### Your task:
Comb through the entries for "Section" and pull out each line that holds it.

### Data shown:
· · · · ·
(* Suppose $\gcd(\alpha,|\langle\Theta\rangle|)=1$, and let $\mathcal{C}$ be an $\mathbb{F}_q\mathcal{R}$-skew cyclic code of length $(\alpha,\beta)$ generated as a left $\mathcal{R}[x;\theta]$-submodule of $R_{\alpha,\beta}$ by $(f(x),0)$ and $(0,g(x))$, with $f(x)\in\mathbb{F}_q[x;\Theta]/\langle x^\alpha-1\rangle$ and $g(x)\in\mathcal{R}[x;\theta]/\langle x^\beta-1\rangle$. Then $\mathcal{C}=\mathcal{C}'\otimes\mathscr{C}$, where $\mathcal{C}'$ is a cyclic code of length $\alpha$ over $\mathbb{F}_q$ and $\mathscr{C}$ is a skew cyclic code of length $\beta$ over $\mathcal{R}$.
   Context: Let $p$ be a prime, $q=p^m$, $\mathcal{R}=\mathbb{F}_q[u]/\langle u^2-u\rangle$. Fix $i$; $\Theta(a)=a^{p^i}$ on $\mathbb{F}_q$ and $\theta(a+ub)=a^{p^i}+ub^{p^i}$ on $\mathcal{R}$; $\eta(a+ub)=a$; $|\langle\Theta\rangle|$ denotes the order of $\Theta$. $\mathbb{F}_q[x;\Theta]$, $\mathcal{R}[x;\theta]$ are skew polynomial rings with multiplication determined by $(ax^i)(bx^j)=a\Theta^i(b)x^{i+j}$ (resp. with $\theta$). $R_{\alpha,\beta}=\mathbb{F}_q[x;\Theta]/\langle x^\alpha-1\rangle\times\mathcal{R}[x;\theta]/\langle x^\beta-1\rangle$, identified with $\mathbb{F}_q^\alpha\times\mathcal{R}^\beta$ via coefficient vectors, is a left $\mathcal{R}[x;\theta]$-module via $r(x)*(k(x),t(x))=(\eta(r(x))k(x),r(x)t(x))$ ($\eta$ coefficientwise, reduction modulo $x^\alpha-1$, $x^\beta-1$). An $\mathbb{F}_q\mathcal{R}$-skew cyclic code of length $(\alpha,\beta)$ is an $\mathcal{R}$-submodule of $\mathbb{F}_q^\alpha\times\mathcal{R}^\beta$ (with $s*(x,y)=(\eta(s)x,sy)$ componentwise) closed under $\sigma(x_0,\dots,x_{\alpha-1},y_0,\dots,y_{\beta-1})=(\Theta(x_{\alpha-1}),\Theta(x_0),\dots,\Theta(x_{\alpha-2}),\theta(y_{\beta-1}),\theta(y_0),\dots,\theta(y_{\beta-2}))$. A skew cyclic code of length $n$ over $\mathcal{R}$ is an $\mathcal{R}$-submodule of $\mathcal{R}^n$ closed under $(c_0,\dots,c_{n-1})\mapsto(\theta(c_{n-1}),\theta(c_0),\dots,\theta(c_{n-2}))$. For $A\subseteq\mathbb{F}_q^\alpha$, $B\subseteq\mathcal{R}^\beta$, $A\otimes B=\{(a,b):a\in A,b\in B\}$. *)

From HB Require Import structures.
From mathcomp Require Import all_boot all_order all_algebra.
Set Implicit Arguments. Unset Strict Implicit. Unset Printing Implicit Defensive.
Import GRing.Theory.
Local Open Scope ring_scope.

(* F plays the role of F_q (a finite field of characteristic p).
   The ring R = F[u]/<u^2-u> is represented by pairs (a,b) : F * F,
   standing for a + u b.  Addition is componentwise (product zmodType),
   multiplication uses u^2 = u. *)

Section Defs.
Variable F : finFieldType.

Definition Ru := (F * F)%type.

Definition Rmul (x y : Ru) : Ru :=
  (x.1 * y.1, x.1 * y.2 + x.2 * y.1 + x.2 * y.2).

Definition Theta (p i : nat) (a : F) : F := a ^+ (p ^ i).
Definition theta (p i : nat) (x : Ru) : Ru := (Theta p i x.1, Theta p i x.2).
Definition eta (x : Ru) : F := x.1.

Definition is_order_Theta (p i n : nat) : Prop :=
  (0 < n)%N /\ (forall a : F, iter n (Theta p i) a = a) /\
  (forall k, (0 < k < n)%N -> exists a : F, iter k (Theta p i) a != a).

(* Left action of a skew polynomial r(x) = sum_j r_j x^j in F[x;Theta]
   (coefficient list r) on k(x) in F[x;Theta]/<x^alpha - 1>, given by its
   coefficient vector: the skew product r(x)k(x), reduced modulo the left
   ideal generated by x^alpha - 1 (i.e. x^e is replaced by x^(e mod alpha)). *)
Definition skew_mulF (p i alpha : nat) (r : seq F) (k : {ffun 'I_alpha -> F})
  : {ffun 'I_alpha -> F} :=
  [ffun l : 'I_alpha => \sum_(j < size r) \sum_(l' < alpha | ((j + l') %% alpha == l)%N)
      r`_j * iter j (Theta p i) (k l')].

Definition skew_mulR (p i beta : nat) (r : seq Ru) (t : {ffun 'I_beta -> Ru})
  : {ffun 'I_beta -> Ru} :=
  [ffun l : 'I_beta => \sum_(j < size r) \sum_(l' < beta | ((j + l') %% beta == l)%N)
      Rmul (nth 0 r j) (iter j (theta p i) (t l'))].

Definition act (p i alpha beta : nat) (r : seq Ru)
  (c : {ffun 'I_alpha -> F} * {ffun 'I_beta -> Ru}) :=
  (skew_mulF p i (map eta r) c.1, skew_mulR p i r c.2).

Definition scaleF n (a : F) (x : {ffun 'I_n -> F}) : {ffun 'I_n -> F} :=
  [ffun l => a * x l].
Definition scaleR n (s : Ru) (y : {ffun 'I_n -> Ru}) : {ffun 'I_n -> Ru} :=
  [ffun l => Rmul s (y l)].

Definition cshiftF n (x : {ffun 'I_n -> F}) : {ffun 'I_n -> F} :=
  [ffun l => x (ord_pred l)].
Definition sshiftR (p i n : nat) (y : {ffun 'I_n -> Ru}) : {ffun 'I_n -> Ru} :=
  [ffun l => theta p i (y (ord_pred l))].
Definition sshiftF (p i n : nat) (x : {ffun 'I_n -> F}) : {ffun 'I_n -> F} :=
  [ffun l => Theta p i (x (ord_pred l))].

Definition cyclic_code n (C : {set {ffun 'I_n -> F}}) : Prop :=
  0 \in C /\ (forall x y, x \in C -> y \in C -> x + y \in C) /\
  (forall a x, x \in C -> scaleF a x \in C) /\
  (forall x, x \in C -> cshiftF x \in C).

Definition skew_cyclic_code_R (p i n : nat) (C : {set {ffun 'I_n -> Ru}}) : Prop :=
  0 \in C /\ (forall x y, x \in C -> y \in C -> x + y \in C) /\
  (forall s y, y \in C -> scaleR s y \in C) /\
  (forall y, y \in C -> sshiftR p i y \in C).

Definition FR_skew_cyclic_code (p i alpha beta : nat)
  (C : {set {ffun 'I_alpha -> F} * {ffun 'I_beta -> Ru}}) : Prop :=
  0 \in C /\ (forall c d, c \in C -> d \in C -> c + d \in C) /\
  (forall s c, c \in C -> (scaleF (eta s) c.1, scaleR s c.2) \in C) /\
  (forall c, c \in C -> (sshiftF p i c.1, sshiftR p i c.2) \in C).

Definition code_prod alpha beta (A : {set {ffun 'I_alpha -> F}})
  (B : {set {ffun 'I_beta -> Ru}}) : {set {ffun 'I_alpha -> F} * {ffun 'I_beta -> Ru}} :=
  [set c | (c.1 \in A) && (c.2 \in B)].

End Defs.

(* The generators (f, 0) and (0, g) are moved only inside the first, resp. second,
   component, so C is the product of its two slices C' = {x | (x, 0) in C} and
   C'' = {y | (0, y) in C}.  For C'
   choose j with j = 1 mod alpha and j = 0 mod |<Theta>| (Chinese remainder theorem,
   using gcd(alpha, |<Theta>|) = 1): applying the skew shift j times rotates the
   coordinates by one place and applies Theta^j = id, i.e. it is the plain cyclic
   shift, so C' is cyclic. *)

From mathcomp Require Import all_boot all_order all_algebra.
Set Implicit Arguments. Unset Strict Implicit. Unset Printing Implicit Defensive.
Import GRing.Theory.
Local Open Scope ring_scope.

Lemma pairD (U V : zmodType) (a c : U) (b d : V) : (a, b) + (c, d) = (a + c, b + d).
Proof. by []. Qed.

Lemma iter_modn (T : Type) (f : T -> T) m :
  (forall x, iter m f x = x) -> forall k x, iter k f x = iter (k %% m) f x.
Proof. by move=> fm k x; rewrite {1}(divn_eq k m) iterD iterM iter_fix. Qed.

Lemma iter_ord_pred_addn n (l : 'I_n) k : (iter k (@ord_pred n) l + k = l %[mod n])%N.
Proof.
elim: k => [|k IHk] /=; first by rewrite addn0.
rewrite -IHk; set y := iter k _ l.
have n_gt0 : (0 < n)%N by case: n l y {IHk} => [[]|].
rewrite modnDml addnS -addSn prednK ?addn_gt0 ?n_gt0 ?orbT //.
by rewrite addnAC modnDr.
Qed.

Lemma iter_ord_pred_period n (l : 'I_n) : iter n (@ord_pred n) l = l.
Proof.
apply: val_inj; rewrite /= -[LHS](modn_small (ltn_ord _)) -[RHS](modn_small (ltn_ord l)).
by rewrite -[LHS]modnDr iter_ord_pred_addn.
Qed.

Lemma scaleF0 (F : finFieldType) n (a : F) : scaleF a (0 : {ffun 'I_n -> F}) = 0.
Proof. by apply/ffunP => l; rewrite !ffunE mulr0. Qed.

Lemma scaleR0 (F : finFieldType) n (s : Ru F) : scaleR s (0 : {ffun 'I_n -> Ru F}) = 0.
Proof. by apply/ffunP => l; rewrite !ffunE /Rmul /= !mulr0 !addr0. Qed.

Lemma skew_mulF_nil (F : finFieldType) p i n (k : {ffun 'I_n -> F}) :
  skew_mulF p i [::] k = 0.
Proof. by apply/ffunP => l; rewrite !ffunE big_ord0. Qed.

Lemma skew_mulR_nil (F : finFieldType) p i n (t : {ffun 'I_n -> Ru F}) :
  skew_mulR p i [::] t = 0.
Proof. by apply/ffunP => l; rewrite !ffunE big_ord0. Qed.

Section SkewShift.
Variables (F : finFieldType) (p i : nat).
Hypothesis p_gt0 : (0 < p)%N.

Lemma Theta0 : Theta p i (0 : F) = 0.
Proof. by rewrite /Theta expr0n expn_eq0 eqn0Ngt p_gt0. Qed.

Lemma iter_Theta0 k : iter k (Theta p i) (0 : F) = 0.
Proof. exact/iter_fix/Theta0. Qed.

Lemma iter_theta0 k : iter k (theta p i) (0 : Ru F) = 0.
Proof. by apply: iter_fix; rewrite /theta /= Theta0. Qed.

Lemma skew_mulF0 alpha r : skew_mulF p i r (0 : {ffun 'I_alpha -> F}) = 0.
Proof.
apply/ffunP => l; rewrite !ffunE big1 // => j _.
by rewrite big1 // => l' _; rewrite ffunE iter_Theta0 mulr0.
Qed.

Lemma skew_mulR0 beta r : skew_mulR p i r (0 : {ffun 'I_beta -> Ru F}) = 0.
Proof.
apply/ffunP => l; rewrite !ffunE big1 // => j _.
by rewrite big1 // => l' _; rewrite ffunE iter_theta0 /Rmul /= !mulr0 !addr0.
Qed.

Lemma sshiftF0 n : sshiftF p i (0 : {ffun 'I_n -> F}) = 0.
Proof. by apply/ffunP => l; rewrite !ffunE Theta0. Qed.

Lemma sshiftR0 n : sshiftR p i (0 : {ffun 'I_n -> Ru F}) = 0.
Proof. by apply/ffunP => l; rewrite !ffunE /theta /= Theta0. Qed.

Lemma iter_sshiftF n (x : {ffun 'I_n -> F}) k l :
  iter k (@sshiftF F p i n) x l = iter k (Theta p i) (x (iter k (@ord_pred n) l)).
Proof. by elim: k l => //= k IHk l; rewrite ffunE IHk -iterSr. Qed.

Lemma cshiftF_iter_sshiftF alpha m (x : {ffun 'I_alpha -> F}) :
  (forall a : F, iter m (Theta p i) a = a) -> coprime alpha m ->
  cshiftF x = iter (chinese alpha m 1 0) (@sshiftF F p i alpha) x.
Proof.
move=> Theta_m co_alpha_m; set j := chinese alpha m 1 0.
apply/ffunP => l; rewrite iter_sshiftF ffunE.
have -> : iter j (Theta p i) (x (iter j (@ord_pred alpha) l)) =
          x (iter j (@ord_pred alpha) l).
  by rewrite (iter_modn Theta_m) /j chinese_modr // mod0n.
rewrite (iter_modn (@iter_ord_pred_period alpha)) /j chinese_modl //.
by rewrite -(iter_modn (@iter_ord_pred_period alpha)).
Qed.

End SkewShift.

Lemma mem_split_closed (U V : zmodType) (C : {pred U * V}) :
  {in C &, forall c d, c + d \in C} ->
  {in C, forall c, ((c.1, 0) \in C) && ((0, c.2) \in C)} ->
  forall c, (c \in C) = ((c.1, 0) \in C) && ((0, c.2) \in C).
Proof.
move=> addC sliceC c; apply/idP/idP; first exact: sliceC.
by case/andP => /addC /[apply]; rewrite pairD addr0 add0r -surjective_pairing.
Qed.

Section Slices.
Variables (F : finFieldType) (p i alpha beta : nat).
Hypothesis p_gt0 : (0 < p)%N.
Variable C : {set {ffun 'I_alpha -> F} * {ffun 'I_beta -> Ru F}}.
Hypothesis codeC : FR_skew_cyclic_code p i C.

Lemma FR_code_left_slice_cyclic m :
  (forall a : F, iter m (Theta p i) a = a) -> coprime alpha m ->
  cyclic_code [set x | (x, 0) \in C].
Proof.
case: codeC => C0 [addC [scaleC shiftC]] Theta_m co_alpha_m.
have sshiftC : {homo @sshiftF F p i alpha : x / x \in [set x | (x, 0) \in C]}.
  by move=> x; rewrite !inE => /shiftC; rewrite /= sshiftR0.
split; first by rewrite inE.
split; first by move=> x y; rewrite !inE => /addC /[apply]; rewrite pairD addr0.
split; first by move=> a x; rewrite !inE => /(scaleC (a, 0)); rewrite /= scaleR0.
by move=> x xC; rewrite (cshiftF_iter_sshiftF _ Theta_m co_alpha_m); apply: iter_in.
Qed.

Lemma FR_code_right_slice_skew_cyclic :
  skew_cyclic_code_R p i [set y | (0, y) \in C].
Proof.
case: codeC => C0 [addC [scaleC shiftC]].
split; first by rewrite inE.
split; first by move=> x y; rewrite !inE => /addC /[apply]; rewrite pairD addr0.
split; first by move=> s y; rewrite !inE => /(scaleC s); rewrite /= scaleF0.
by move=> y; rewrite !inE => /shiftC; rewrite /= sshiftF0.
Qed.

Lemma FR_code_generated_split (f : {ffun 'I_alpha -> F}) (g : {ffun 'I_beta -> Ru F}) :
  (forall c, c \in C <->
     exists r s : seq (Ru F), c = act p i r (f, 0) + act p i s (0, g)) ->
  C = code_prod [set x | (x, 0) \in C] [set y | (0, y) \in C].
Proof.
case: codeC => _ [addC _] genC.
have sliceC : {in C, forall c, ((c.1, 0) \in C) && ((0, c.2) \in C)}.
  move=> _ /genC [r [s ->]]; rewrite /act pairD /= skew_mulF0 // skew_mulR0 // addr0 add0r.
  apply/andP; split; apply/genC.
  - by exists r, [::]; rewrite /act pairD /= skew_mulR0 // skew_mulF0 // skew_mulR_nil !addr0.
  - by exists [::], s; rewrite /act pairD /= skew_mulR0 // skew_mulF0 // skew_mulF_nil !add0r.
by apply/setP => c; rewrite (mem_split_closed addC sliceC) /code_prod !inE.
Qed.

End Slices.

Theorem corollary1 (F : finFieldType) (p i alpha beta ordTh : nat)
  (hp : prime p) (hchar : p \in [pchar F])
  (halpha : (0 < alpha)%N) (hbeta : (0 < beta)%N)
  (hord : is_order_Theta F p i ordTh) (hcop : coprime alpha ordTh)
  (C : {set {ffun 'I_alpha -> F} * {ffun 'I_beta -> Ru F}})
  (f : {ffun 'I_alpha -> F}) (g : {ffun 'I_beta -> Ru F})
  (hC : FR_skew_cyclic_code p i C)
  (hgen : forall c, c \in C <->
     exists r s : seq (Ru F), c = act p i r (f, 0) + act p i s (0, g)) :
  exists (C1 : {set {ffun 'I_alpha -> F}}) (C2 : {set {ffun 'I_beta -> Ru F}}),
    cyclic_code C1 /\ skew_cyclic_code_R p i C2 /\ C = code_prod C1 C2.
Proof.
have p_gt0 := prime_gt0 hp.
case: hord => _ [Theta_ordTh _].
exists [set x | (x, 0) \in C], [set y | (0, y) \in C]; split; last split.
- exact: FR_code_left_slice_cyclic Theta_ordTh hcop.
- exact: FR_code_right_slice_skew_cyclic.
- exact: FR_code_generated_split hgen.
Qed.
· · · · ·
### Result of this task:
Section Defs.
Section SkewShift.
Section Slices.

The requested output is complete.